I am trying to learn Scrapping , one problem I am facing is identifying correct class names , is there any particular rule/method to follow for identifying correct class names For Example in the code below I am trying to get Questions lists from stackoverflow page , for that I am clicking on inspect on the first question & i can see classname as question-hyperlink but when I try in the code below I get empty results , similarly if iI am trying with divname summary I get same empty results kindly guide on how can I fix this & avoid in future cases
import requests
from bs4 import BeautifulSoup
website = 'https://stackoverflow.com/'
r = requests.get(website)
if r.status_code == 200:
print(f"Connected to {website}")
soup = BeautifulSoup(r.content, 'html.parser')
s = soup.find_all(class_name='question-hyperlink')
print(s)
else:
print(r)
print("Done")
>Solution :
The url you’re using doesn’t have any questions – https://stackoverflow.com shows only a starting page, unless you’re logged in.
You need to change the url to https://stackoverflow.com/questions.

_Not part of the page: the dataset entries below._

Lemma supported_onS A B M : A \subset B -> supported_on A M -> supported_on B M.
Proof.
move=> AB sM; split=> [x y [u [uB nxy]] | x y x' y' onB offB].
  by apply: (supported_on_eq0 (u := u) sM); [apply: contra uB; apply: subsetP | apply/eqP].
have agree_off_transfer x1 y1 x2 y2 :
    (forall u, u \in B -> x1 u = x2 u /\ y1 u = y2 u) ->
    (forall u, u \notin B -> x2 u = y2 u) ->
    agree_off A x1 y1 -> agree_off A x2 y2.
  move=> on12 off2 /agree_offP xy1; apply/agree_offP => u uA.
  have [uB | uB] := boolP (u \in B); last exact: off2.
  by have [<- <-] := on12 u uB; apply: xy1.
have [xy | nxy] := boolP (agree_off A x y); last first.
  have nxy' : ~~ agree_off A x' y'.
    apply: contra nxy; apply: agree_off_transfer => u uB; last exact: (offB u uB).1.
    by have [-> ->] := onB u uB.
  by rewrite !(supported_on_agree sM).
have /agree_offP xy' : agree_off A x' y'.
  by apply: agree_off_transfer xy => // u uB; exact: (offB u uB).2.
move/agree_offP: xy => xy.
case: sM => _ ME; apply: ME => u uA; last by split; [apply: xy | apply: xy'].
by apply: onB; apply: (subsetP AB).
Qed.

(* Exchanging the values of [x] and [x'] off [A] carries the configurations agreeing
   with [x] off [A] bijectively onto those agreeing with [x'] off [A]. *)
Definition swap_off A x x' z : T :=
  [ffun u => if u \in A then z u else tperm (x u) (x' u) (z u)].

Lemma swap_offK A x x' : involutive (swap_off A x x').
Proof.
by move=> z; apply/ffunP => u; rewrite !ffunE; case: (u \in A); rewrite ?tpermK.
Qed.

Lemma supported_onM A M N : supported_on A M -> supported_on A N -> supported_on A (M *m N).
Proof.
move=> sM sN; split=> [x y [u [uA nxy]] | x y x' y' onA offA].
  rewrite opEM big1 // => z _; have [xz | nxz] := eqVneq (x u) (z u).
    by rewrite (supported_on_eq0 sN uA) ?mulr0 // -xz; apply/eqP.
  by rewrite (supported_on_eq0 sM uA) ?mul0r.
rewrite !opEM [RHS](reindex_inj (can_inj (swap_offK A x x'))) /=.
apply: eq_bigr => z _; have [/agree_offP xz | /agree_offPn[u uA nxz]] := boolP (agree_off A x z).
  have zE u : u \notin A -> swap_off A x x' z u = x' u.
    by move=> uA; rewrite ffunE (negbTE uA) -xz // tpermL.
  case: sM sN => [_ ME] [_ NE]; congr (_ * _).
    apply: ME => u uA; last by split; [apply: xz | rewrite zE].
    by rewrite ffunE uA; split=> //; case: (onA u uA).
  apply: NE => u uA; last by rewrite zE // -xz //; apply: offA.
  by rewrite ffunE uA; split=> //; case: (onA u uA).
rewrite (supported_on_eq0 sM uA nxz) (supported_on_eq0 sM uA (x := x')) ?mul0r //.
by rewrite ffunE (negbTE uA) -{1}(tpermL (x u) (x' u)) (inj_eq perm_inj).
Qed.

Lemma opEM_disjoint A B M N x y : [disjoint A & B] ->
  supported_on A M -> supported_on B N ->
  opE (M *m N) x y = opE M x (glue A y x) * opE N (glue A y x) y.
Proof.
move=> AB sM sN; rewrite opEM (big_only1 (glue A y x)) // => z /cfg_neq[u] + _.
rewrite ffunE; case: ifP => uA nzu.
  by rewrite (supported_on_eq0 sN _ nzu) ?mulr0 // (disjointFr AB uA).
by rewrite (supported_on_eq0 (u := u) sM) ?mul0r ?uA // eq_sym.
Qed.

Lemma supported_on_disjoint_comm A B M N : [disjoint A & B] ->
  supported_on A M -> supported_on B N -> M *m N = N *m M.
Proof.
move=> AB sM sN; apply: opE_ext => x y.
rewrite (opEM_disjoint _ _ AB sM sN) (opEM_disjoint _ _ _ sN sM); last by rewrite disjoint_sym.
set z := glue A y x; set w := glue B y x.
have [/agree_offP xy | /agree_offPn[u]] := boolP (agree_off (A :|: B) x y); last first.
  rewrite inE negb_or => /andP[uA uB] nxy.
  rewrite (supported_on_eq0 sN uB (y := y) (x := z)) ?ffunE ?(negbTE uA) //.
  by rewrite (supported_on_eq0 sM uA (y := y) (x := w)) ?ffunE ?(negbTE uB) ?mulr0 ?mul0r.
have xy' u : u \notin A -> u \notin B -> x u = y u.
  by move=> uA uB; apply: xy; rewrite inE negb_or uA uB.
case: sM sN => [_ ME] [_ NE]; rewrite mulrC; congr (_ * _).
  apply: NE => u uB; rewrite !ffunE ?uB ?(disjointFl AB uB) //.
  by rewrite (negbTE uB); split=> //; case: ifP => // /negbT uA; apply: xy'.
apply: ME => u uA; rewrite !ffunE ?uA ?(disjointFr AB uA) //.
by rewrite (negbTE uA); split=> //; case: ifP => // /negbT uB; apply: xy'.
Qed.

End Support.

Section Geometry.
Variable L : nat.
Hypothesis L_gt0 : (0 < L)%N.

Lemma modz_le (m : int) : 0 <= m -> (m %% L)%Z <= m.
Proof.
move=> m_ge0; have [mL | Lm] := ltP m L%:Z; first by rewrite modz_small ?m_ge0.
by apply/ltW/(lt_le_trans _ Lm)/ltz_pmod; rewrite ltz_nat.
Qed.

(* The coordinate [c] lies in the cyclic interval [a, a + r) of Z_L iff [(c - a) mod L < r]. *)
Lemma cyclic_interval_widen (c a : int) (r k : nat) :
  ((c - a) %% L)%Z < r%:Z -> ((c - (a - k%:Z)) %% L)%Z < (r + 2 * k)%N%:Z.
Proof.
move=> ca_lt; rewrite opprB addrCA addrC -modzDml.
have m_ge0 : 0 <= ((c - a) %% L)%Z by apply: modz_ge0; rewrite eqz_nat -lt0n.
by apply: le_lt_trans (modz_le _) _; lia.
Qed.

Lemma cyclic_interval_adjacent (u v i a : int) (r : nat) :
  ((u - i) %% L)%Z < r%:Z -> ((u - a) %% L)%Z < 2%:Z -> ((v - a) %% L)%Z < 2%:Z ->
  ((v - (i - 1)) %% L)%Z < (r + 2)%N%:Z.
Proof.
set p := ((u - i) %% L)%Z; set t := ((u - a) %% L)%Z; set s := ((v - a) %% L)%Z.
move=> p_lt t_lt s_lt.
have [p_ge0 t_ge0 s_ge0] : [/\ 0 <= p, 0 <= t & 0 <= s].
  by split; apply: modz_ge0; rewrite eqz_nat -lt0n.
have -> : v - (i - 1) =
    (((v - a) %/ L)%Z - ((u - a) %/ L)%Z + ((u - i) %/ L)%Z) * L + (s - t + (p + 1)).
  by have := divz_eq (v - a) L; have := divz_eq (u - a) L; have := divz_eq (u - i) L; lia.
by rewrite modzMDl; apply: le_lt_trans (modz_le _) _; lia.
Qed.

Lemma sq_sub_ball (i j : int) (r k : nat) : sq L i j r \subset ball L i j r k.
Proof.
apply/subsetP => u; rewrite !inE => /andP[u1 u2].
by apply/andP; split; apply: cyclic_interval_widen.
Qed.

Lemma square2_meet_sub_ball1 (i j : int) (r : nat) (A : {set site L}) :
  A \in squares L 2 -> ~~ [disjoint A & sq L i j r] -> A \subset ball L i j r 1.
Proof.
case/imset2P => p q _ _ -> /pred0Pn[u /andP[]].
rewrite !inE => /andP[ua1 ua2] /andP[uA1 uA2].
apply/subsetP => v; rewrite !inE muln1 => /andP[va1 va2].
by apply/andP; split; apply: cyclic_interval_adjacent; eassumption.
Qed.

End Geometry.

Lemma ball_ball (L : nat) (i j : int) (r k l : nat) :
  ball L (i - k%:Z) (j - k%:Z) (r + 2 * k) l = ball L i j r (k + l).
Proof. by rewrite /ball -!addrA -!opprD -PoszD mulnDr addnA. Qed.

Section HilbertSpace.
Variable C : numClosedFieldType.

Lemma adjmxM m n p (A : 'M[C]_(m, n)) (B : 'M[C]_(n, p)) :
  adjmx (A *m B) = adjmx B *m adjmx A.
Proof. by rewrite /adjmx map_mxM trmx_mul. Qed.

Lemma adjmxB m n (A B : 'M[C]_(m, n)) : adjmx (A - B) = adjmx A - adjmx B.
Proof. by rewrite /adjmx map_mxB linearB. Qed.

Lemma adjmx1 n : adjmx (1%:M : 'M[C]_n) = 1%:M.
Proof. by rewrite /adjmx map_mx1 trmx1. Qed.

Lemma vnorm2E n (v : 'cV[C]_n) : vnorm2 v = (adjmx v *m v) 0 0.
Proof. by rewrite /vnorm2 mxE; apply: eq_bigr => i _; rewrite /adjmx !mxE normCKC. Qed.

Lemma vnorm2_ge0 n (v : 'cV[C]_n) : 0 <= vnorm2 v.
Proof. by apply: sumr_ge0 => i _; rewrite exprn_ge0. Qed.

Lemma vnorm2_eq0 n (v : 'cV[C]_n) : vnorm2 v = 0 -> v = 0.
Proof.
move=> v0; apply/matrixP => i j; rewrite ord1 mxE.
have /eqP := psumr_eq0P (fun i _ => exprn_ge0 2 (normr_ge0 (v i 0))) v0 (i := i) isT.
by rewrite expf_eq0 /= normr_eq0 => /eqP.
Qed.

Definition orthoproj n (P : 'M[C]_n) := P *m P = P /\ adjmx P = P.

Lemma orthoproj_vnorm2 n (P : 'M[C]_n) (v : 'cV[C]_n) :
  orthoproj P -> vnorm2 (P *m v) = (adjmx v *m P *m v) 0 0.
Proof. by case=> PP Padj; rewrite vnorm2E adjmxM Padj -mulmxA (mulmxA P) PP mulmxA. Qed.

Lemma orthoproj_vnorm2_le n (P : 'M[C]_n) (v : 'cV[C]_n) :
  orthoproj P -> vnorm2 (P *m v) <= vnorm2 v.
Proof.
move=> [PP Padj]; have P'proj : orthoproj (1%:M - P).
  by rewrite /orthoproj adjmxB adjmx1 Padj mulmxBl mul1mx mulmxBr mulmx1 PP subrr subr0.
have -> : vnorm2 v = vnorm2 (P *m v) + vnorm2 ((1%:M - P) *m v).
  have entryD (a b : 'M[C]_1) : (a + b) 0 0 = a 0 0 + b 0 0 by rewrite mxE.
  rewrite !orthoproj_vnorm2 // -entryD -!mulmxA -mulmxDr -mulmxDl addrC subrK mul1mx.
  by rewrite vnorm2E.
by rewrite lerDl vnorm2_ge0.
Qed.

Lemma orthoproj_expectation n (P M : 'M[C]_n) (c : C) (psi : 'cV[C]_n) :
  orthoproj P -> P *m M *m P = c *: P -> P *m psi = psi ->
  (adjmx psi *m M *m psi) 0 0 = c * vnorm2 psi.
Proof.
move=> [_ Padj] PMP Ppsi.
have psiP : adjmx psi *m P = adjmx psi by rewrite -{1}Padj -adjmxM Ppsi.
have -> : adjmx psi *m M *m psi = adjmx psi *m (P *m M *m P) *m psi.
  by rewrite -{1}psiP -{2}Ppsi !mulmxA.
by rewrite PMP -scalemxAr -scalemxAl mxE psiP vnorm2E.
Qed.

Lemma orthoproj_fixed_vector n (P : 'M[C]_n) :
  orthoproj P -> P != 0 -> exists2 w : 'cV[C]_n, P *m w = w & 0 < vnorm2 w.
Proof.
move=> [PP _] /eqP P_neq0.
have /existsP[i /existsP[j Pij]] : [exists i, exists j, P i j != 0].
  apply: contra_notT P_neq0 => /existsPn P0; apply/matrixP => i j; rewrite mxE.
  by move/existsPn: (P0 i) => /(_ j)/negPn/eqP.
exists (col j P); first by rewrite colE mulmxA PP.
rewrite lt_def vnorm2_ge0 andbT; apply/eqP => /vnorm2_eq0/matrixP/(_ i 0).
by rewrite !mxE; apply/eqP.
Qed.

(* [P (O^* O) P = c P] makes [O P] a multiple [sqrt c] of an isometry on the range of [P]. *)
Lemma opnorm_orthoproj n (O P : 'M[C]_n) (c : C) : orthoproj P -> P != 0 ->
  P *m (adjmx O *m O) *m P = c *: P -> is_opnorm (O *m P) (sqrtC c).
Proof.
move=> Pproj P_neq0 PNP.
have OP_vnorm2 v : vnorm2 (O *m P *m v) = c * vnorm2 (P *m v).
  rewrite -(orthoproj_expectation Pproj PNP); last by rewrite mulmxA (proj1 Pproj).
  by rewrite vnorm2E !adjmxM !mulmxA.
have [w Pw w_gt0] := orthoproj_fixed_vector Pproj P_neq0.
have c_ge0 : 0 <= c.
  by rewrite -(pmulr_lge0 _ w_gt0) -{1}Pw -OP_vnorm2 vnorm2_ge0.
split; first by rewrite sqrtC_ge0.
split=> [v | t t_ge0 bound].
  by rewrite -mulmxA (mulmxA O) OP_vnorm2 sqrtCK ler_wpM2l // orthoproj_vnorm2_le.
have := bound w; rewrite -mulmxA (mulmxA O) OP_vnorm2 Pw ler_pM2r // => ct.
by rewrite -(sqrCK t_ge0) ler_sqrtC // qualifE /= exprn_ge0.
Qed.

End HilbertSpace.

Section ReducedDensity.
Variables (C : numClosedFieldType) (L d : nat).
Local Notation T := (cfg L d).
Local Notation n := (dimH L d).

(* |y_A><x_A| tensored with the identity off A. *)
Definition rdm_op (A : {set site L}) (x y : T) : 'M[C]_n :=
  \matrix_(k, l) ([forall u in A, (enum_val l : T) u == x u]
                  && ((enum_val k : T) == glue A y (enum_val l)))%:R.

Also, you should be using class_=, not class_name= in find_all().
Then it works just fine.
import requests
from bs4 import BeautifulSoup
website = 'https://stackoverflow.com/questions/'
headers = {
"User-Agent": "Mozilla/5.0 (Macintosh; Intel Mac OS X 10.15; rv:95.0) Gecko/20100101 Firefox/95.0",
}
r = requests.get(website, headers=headers)
if r.status_code == 200:
print(f"Connected to {website}")
soup = BeautifulSoup(r.text, 'html.parser').find_all("a", class_="question-hyperlink")
print(len(soup))
Output:
20